Ah Sum is stiff and sore all over, but he bravely returns to his post,
and under the combined efforts of pole and tow-line we speed along
against a swift current at a pace that is almost visible to the naked
eye.

This morning I purchase a splendid trout, weighing seven or eight pounds,
for about twenty cents; off this we make a couple of quite excellent
meals. Observing my awkward attempts to pick up pieces of fish with the
chop-sticks, the good, thoughtful boat-wife takes a bone hair-pin out of
her sleek, oily back hair, and offers it to me to use as a fork!

Before noon we emerge into a more open country; straight ahead can be
seen an eight-storied pagoda. Beaching the pagoda, we pass, on the
opposite shore, the town of Yang-tai (?). Fleets of big junks sail gayly
down stream, laden with bales and packages of merchandise from
Chao-choo-foo, Nam-hung, and other manufacturing points up the river.
Others resemble floating hay-ricks, bearing huge cargoes of coarse hay
and pine-needles down for the manufacture of paper.

Several war-junks are anchored before Yang-tai; unlike the peaceful (?)
merchantmen on the Choo-kiang, they are armed with but a single cannon.
They are, however, superior vessels compared with other craft on the
river, and are manned with crews of twenty to thirty theatrical-looking
characters; rows of muskets and boarding-pikes are observed, and
conspicuous above all else are several large and handsome flags of the
graceful triangular shape peculiar to China.
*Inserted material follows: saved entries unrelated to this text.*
Lemma subspace_dimP (U : V -> Prop) n :
  subspace_dim U n <-> exists f, basis_of U n f.
Proof.
split=> [[g [Ug g_indep g_span]]|[f [Uf f_indep f_span]]].
  exists (extn0 g); split.
  - by move=> i ilt; have -> : i = Ordinal ilt by []; rewrite extn0E.
  - move=> c Hc i ilt; apply: (g_indep (fun j => c j) _ (Ordinal ilt)).
    by rewrite -[RHS]Hc; apply: eq_bigr => j _; rewrite extn0E.
  - move=> x /g_span [c ->]; exists (extn0 c).
    by apply: eq_bigr => j _; rewrite !extn0E.
exists (fun i => f i); split.
- by move=> i; apply: Uf.
- move=> c Hc i; rewrite -(extn0E c); apply: f_indep => //.
  by rewrite -[RHS]Hc; apply: eq_bigr => j _; rewrite extn0E.
- by move=> x /f_span [c ->]; exists (fun j => c j).
Qed.

(* If [N < s], a nonzero left kernel vector of the [s x N] coefficient matrix
   gives a vanishing nontrivial combination of [f]. *)
Lemma lin_indep_leq_span (s N : nat) (f g : nat -> V) :
  lin_indep s f -> (forall i, (i < s)%N -> in_span N g (f i)) -> (s <= N)%N.
Proof.
move=> f_indep f_span.
have [M HM] : exists M : nat -> nat -> C,
    forall i, (i < s)%N -> f i = \sum_(l < N) M i l *: g l.
  have coef i : exists c : nat -> C, (i < s)%N -> f i = \sum_(l < N) c l *: g l.
    have [/f_span [c ->]|_] := ltnP i s; first by exists c.
    by exists (fun _ => 0).
  by have [M HM] := boolp.choice coef; exists M.
rewrite leqNgt; apply/negP => Ns.
have [v v0 vM] := exists_nonzero_mul_eq0 (\matrix_(i < s, l < N) M i l) Ns.
move/negP: v0; apply; apply/eqP/rowP => i; rewrite mxE.
have := f_indep (extn0 (v ord0)) _ i (ltn_ord i); rewrite extn0E; apply.
under eq_bigr => j _ do rewrite extn0E HM // scaler_sumr.
rewrite exchange_big /=; apply: big1 => l _.
under eq_bigr do rewrite scalerA.
rewrite -scaler_suml.
have := congr1 (fun w : 'M[C]_(1, N) => w ord0 l) vM; rewrite !mxE => E.
rewrite (_ : \sum_(i < s) _ = 0) ?scale0r //.
by rewrite -[RHS]E; apply: eq_bigr => j _; rewrite mxE.
Qed.

End FiniteFamilies.

Section Dimension.
Variables (R : realType) (V : lmodType R[i]).

Lemma infinite_dim_lin_indep (U : V -> Prop) : subspace U -> ~ finite_dim_sub U ->
  forall s, exists f : nat -> V, (forall i, (i < s)%N -> U (f i)) /\ lin_indep s f.
Proof.
move=> HU NF; elim=> [|s [f [Uf f_indep]]]; first by exists (fun _ => 0); split.
have [x [Ux Nx]] : exists x, U x /\ ~ in_span s f x.
  apply: NNPP => H; apply: NF; exists s; apply/subspace_dimP; exists f; split=> // x Ux.
  by apply: NNPP => Nx; apply: H; exists x.
pose f' i := if i == s then x else f i.
exists f'; split.
  by move=> i; rewrite ltnS leq_eqVlt /f'; case: eqP => [_ _|_ /= /Uf].
move=> c; rewrite big_ord_recr /= /f' eqxx.
rewrite (eq_bigr (fun i : 'I_s => c i *: f i)) => [E|i _]; last by rewrite /= ifF // ltn_eqF.
have cs : c s = 0.
  apply: NNPP => /eqP cs; apply: Nx; exists (fun i => - (c s)^-1 * c i).
  have Ex : c s *: x = - \sum_(i < s) c i *: f i.
    by apply/eqP; rewrite -addr_eq0 addrC E.
  rewrite -(scalerK cs x) Ex scalerN scaler_sumr -sumrN; apply: eq_bigr => i _.
  by rewrite scalerA mulNr scaleNr.
rewrite cs scale0r addr0 in E.
by move=> i; rewrite ltnS leq_eqVlt => /orP [/eqP -> //|]; exact: f_indep.
Qed.

Lemma finite_dim_of_span (U : V -> Prop) (N : nat) (g : nat -> V) :
  subspace U -> (forall x, U x -> in_span N g x) -> finite_dim_sub U.
Proof.
move=> HU Ug; apply: NNPP => NF.
have [f [Uf f_indep]] := infinite_dim_lin_indep HU NF N.+1.
by have := lin_indep_leq_span f_indep (fun i ilt => Ug _ (Uf i ilt)); rewrite ltnn.
Qed.

End Dimension.

Section Orthonormal.
Variables (R : realType) (V : lmodType R[i]) (ip : V -> V -> R[i]).
Hypothesis Hip : is_inner_product ip.
Local Notation C := R[i].
Local Notation hn := (hnorm ip).

Definition orthonormal n (e : nat -> V) : Prop :=
  forall i j, (i < n)%N -> (j < n)%N -> ip (e i) (e j) = ((i == j)%:R : C).

Definition onproj n (e : nat -> V) (x : V) : V := \sum_(i < n) ip x (e i) *: e i.

Lemma orthonormal_ipxx n e i : orthonormal n e -> (i < n)%N -> ip (e i) (e i) = 1.
Proof. by move=> He il; rewrite He // eqxx. Qed.

Lemma ip_comb_orthonormal n e (c : nat -> C) j : orthonormal n e -> (j < n)%N ->
  ip (\sum_(i < n) c i *: e i) (e j) = c j.
Proof.
move=> He jn; rewrite (ip_suml Hip) -(sum_mul_delta c jn); apply: eq_bigr => i _.
by rewrite (ipZl Hip) He.
Qed.

Lemma orthonormal_lin_indep n e : orthonormal n e -> lin_indep n e.
Proof. by move=> He c Hc j jn; rewrite -(ip_comb_orthonormal c He jn) Hc (ip0l Hip). Qed.

Lemma ip_onproj n e x j : orthonormal n e -> (j < n)%N -> ip (onproj n e x) (e j) = ip x (e j).
Proof. exact: (ip_comb_orthonormal (fun i => ip x (e i))). Qed.

Lemma ip_sub_onproj n e x j : orthonormal n e -> (j < n)%N ->
  ip (x - onproj n e x) (e j) = 0.
Proof. by move=> He jn; rewrite (ipBl Hip) ip_onproj // subrr. Qed.

Lemma onproj_selfadj n e x y : ip (onproj n e x) y = ip x (onproj n e y).
Proof.
rewrite (ip_suml Hip) (ip_sumr Hip); apply: eq_bigr => i _.
by rewrite (ipZl Hip) (ipZr Hip) -(ipC Hip) mulrC.
Qed.

Lemma onproj_lin n e : is_linear_op (onproj n e).
Proof.
move=> a x y; rewrite /onproj scaler_sumr -big_split /=; apply: eq_bigr => i _.
by rewrite (ipDl Hip) (ipZl Hip) scalerDl scalerA.
Qed.

Lemma onproj_idem n e x : orthonormal n e -> onproj n e (onproj n e x) = onproj n e x.
Proof. by move=> He; rewrite {1}/onproj; apply: eq_bigr => i _; rewrite ip_onproj. Qed.

Lemma onproj_id n e j : orthonormal n e -> (j < n)%N -> onproj n e (e j) = e j.
Proof.
move=> He jn; rewrite /onproj (bigD1 (Ordinal jn)) //= (orthonormal_ipxx He jn) scale1r.
rewrite big1 ?addr0 // => i ij; have ij' : (i : nat) != j.
  by apply: contra ij => /eqP ji; apply/eqP/val_inj.
by rewrite He // eq_sym (negbTE ij') scale0r.
Qed.

Lemma onproj_bounded n e x : orthonormal n e -> hn (onproj n e x) <= n%:R * hn x.
Proof.
move=> He; apply: le_trans (hnorm_sum Hip _ _ _) _.
rewrite (_ : n%:R * hn x = \sum_(i < n) hn x); last by rewrite sumr_const card_ord mulr_natl.
apply: ler_sum => i _.
rewrite hnormZ // (hnorm1 (orthonormal_ipxx He (ltn_ord i))) mulr1.
by have := normc_ip_le Hip x (e i); rewrite (hnorm1 (orthonormal_ipxx He (ltn_ord i))) mulr1.
Qed.

Lemma onproj_rank n e : orthonormal n e -> proj_rank ip (onproj n e) n.
Proof.
move=> He; split.
  split; last by move=> x; exact: onproj_idem.
  split; last exact: onproj_selfadj.
  by split; [exact: onproj_lin | exists n%:R => x; exact: onproj_bounded].
apply/subspace_dimP; exists e; split.
- by move=> i il; exists (e i); rewrite onproj_id.
- exact: orthonormal_lin_indep.
- by move=> y [x ->]; exists (fun i => ip x (e i)).
Qed.

(* Cut a nonzero combination of [f] out of the kernel of [v |-> (<v, t>)_(t in T)]. *)
Lemma lin_indep_comb_orth n (f : nat -> V) (T : seq V) :
  lin_indep n f -> (size T < n)%N -> exists c : nat -> C,
    \sum_(i < n) c i *: f i != 0 /\ forall t, t \in T -> ip (\sum_(i < n) c i *: f i) t = 0.
Proof.
move=> f_indep Tn.
have [v v0 vM] := exists_nonzero_mul_eq0 (\matrix_(i < n, l < size T) ip (f i) (nth 0 T l)) Tn.
have [i vi] : exists i : 'I_n, v ord0 i != 0.
  apply: NNPP => H; move/negP: v0; apply; apply/eqP/rowP => i; rewrite !mxE.
  by apply/eqP; apply: contraT => Hn; case: H; exists i.
exists (extn0 (v ord0)); split.
  by apply/negP => /eqP /f_indep /(_ i (ltn_ord i)); rewrite extn0E; apply/eqP.
move=> t tT; rewrite (ip_suml Hip).
have := congr1 (fun w : 'M[C]_(1, size T) => w ord0 (Ordinal (etrans (index_mem t T) tT))) vM.
rewrite !mxE /= => E; rewrite -[RHS]E; apply: eq_bigr => j _.
by rewrite (ipZl Hip) extn0E mxE nth_index.
Qed.

Lemma normalize u : u != 0 -> exists2 r : R, r != 0 & ip (r%:C *: u) (r%:C *: u) = 1.
Proof.
move=> u0; have hu : hn u != 0 by apply: contra u0 => /eqP /(hnorm_eq0 Hip) ->.
exists (hn u)^-1; first by rewrite invr_eq0.
rewrite (ipZl Hip) (ipZr Hip) conjc_real (ipxx_real Hip) -hnorm_sqr //.
by rewrite -!rmorphM /=; congr (_ +i* _); field.
Qed.

Lemma orthonormal_in_orth (U : V -> Prop) n (f : nat -> V) (T : seq V) k :
  subspace U -> (forall i, (i < n)%N -> U (f i)) -> lin_indep n f -> (size T + k <= n)%N ->
  exists e : nat -> V, [/\ orthonormal k e, (forall i, (i < k)%N -> U (e i)) &
     forall i t, (i < k)%N -> t \in T -> ip (e i) t = 0].
Proof.
move=> HU Uf f_indep; elim: k => [|k IH] Hk; first by exists (fun _ => 0); split.
have Hk' : (size T + k < n)%N by rewrite addnS in Hk.
have [e [He Ue eT]] := IH (ltnW Hk').
pose T' := T ++ [seq e i | i <- iota 0 k].
have T'n : (size T' < n)%N by rewrite size_cat size_map size_iota.
have [c [c0 cT']] := lin_indep_comb_orth f_indep T'n.
have [r r0 uu] := normalize c0; set u := _ *: _ in uu.
have Uu : U u.
  have Uc := subspace_sum c HU Uf.
  by case: HU => U0 UD; rewrite /u -[_ *: _]addr0; apply: UD.
have uT' t : t \in T' -> ip u t = 0 by move=> tT; rewrite (ipZl Hip) cT' // mulr0.
have eT' l : (l < k)%N -> e l \in T'.
  by move=> lk; rewrite mem_cat map_f ?orbT // mem_iota.
have ltk l : (l < k.+1)%N -> l != k -> (l < k)%N by rewrite ltnS leq_eqVlt => /orP [->|].
exists (fun i => if i == k then u else e i); split.
- move=> i j ik jk; case: (eqVneq i k) => [Ei|ik']; case: (eqVneq j k) => [Ej|jk'].
  + by rewrite Ei Ej eqxx.
  + by rewrite Ei eq_sym (negbTE jk') uT' // eT' // ltk.
  + by rewrite Ej (negbTE ik') (ipC Hip) uT' ?conjc0 // eT' // ltk.
  + exact: He (ltk _ ik ik') (ltk _ jk jk').
- by move=> i; rewrite ltnS leq_eqVlt; case: eqP => [_ _|_ /= /Ue].
- move=> i t; rewrite ltnS leq_eqVlt; case: eqP => [_ _ tT|_ /= ik tT].
    by apply: uT'; rewrite mem_cat tT.
  exact: eT.
Qed.

End Orthonormal.

Section GramSchmidt.
Variables (R : realType) (V : lmodType R[i]) (ip : V -> V -> R[i]).
Hypothesis Hip : is_inner_product ip.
The crew of these warlike vessels are uniformed in the gayest of red, and
in the middle of their backs and breasts are displayed white "bull's
eyes" about twelve inches in diameter. The object of these big white
circular patches appears to be the presentation of a suitable place for
the conspicuous display of big characters, denoting the district or city
to which they belong; or in other words labels. The wicked and sarcastic
Fankwaes in the treaty ports, however, render a far different
explanation. They say that a Chinese soldier always misses a bull's-eye
when he shoots at it - under no circumstances does he score a bull's-eye.
Observing this, the authorities concluded that Fankwae soldiers were
tarred with the same unhappy feather. With true Asiatic astuteness, they
therefore conceived and carried out the brilliant idea of decorating all
Celestial warriors with bull's-eyes, front and rear, as a measure of
protection against the bullets of the Fankwae soldiers in battle.

Ah Sum becomes sick and weary at noon and is taken aboard, Tung Po and
his better half taking alternate turns at the line. Toward evening the
river makes a big sweep to the southeast, bringing the prevailing north
wind round to our advantage; if advantage it can be called, in blowing us
pretty well south when our destination lies north. The sail is hoisted,
and the crew confines itself to steering and poling the boat clear of
bars.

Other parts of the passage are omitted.